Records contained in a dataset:
◇ ◇ ◇ ◇

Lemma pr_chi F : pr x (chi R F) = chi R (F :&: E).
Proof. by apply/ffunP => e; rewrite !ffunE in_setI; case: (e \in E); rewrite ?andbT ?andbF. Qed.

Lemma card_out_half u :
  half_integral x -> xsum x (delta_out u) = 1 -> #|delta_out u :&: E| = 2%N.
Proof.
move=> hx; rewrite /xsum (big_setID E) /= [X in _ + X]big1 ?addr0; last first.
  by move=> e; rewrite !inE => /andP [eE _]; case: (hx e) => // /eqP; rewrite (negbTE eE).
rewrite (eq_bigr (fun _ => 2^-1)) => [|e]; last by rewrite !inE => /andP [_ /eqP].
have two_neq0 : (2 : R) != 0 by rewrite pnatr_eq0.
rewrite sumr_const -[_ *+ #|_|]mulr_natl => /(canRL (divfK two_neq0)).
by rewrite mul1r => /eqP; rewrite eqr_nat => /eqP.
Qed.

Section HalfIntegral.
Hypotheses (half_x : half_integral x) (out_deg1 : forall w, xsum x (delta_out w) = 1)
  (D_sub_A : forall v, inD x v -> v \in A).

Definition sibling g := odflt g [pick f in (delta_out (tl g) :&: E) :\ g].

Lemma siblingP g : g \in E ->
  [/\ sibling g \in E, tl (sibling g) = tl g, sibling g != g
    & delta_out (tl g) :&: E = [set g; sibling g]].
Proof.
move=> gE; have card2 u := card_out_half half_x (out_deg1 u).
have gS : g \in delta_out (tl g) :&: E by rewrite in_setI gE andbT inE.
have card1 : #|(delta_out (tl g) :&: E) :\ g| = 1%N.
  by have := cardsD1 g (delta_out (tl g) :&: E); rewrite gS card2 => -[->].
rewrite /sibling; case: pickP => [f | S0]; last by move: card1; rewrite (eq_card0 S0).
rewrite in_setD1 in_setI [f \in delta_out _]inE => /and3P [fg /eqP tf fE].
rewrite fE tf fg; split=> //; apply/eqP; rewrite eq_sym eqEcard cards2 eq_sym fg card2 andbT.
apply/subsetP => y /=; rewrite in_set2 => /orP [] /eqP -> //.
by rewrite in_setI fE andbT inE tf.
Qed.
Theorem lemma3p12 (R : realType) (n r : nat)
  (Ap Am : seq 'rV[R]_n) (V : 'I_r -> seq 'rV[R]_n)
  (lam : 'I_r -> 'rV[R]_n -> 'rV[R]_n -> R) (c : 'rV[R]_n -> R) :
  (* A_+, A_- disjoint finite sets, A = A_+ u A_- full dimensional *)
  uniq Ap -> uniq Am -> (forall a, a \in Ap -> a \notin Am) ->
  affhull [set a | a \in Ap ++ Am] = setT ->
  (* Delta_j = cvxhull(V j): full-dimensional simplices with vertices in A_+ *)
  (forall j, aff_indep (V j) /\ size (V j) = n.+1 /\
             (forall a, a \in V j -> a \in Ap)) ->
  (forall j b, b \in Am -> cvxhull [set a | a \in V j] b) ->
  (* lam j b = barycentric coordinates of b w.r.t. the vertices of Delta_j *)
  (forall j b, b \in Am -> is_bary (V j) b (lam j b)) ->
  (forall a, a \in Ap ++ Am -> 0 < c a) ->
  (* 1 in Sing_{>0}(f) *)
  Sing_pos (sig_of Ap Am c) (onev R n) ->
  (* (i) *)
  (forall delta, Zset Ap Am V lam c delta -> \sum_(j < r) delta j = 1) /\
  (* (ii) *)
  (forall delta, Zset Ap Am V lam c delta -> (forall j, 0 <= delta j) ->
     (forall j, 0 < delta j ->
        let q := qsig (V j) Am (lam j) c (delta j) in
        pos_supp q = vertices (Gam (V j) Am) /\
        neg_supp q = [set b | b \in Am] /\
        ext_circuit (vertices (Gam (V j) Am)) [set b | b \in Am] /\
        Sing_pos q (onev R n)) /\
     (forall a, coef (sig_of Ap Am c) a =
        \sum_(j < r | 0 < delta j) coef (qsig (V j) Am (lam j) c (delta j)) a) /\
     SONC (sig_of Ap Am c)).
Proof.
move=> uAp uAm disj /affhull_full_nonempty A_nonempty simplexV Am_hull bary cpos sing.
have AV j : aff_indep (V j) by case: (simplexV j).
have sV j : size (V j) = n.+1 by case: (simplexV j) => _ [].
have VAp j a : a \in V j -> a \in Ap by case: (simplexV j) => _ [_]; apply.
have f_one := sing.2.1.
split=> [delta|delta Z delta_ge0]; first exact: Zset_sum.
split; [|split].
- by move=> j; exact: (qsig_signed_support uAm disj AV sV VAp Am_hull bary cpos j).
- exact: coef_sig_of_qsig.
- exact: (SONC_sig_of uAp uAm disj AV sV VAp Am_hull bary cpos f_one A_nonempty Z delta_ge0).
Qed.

◇ ◇ ◇ ◇

Count how many lines in the data contain the word "andP", giving the number without comment.

2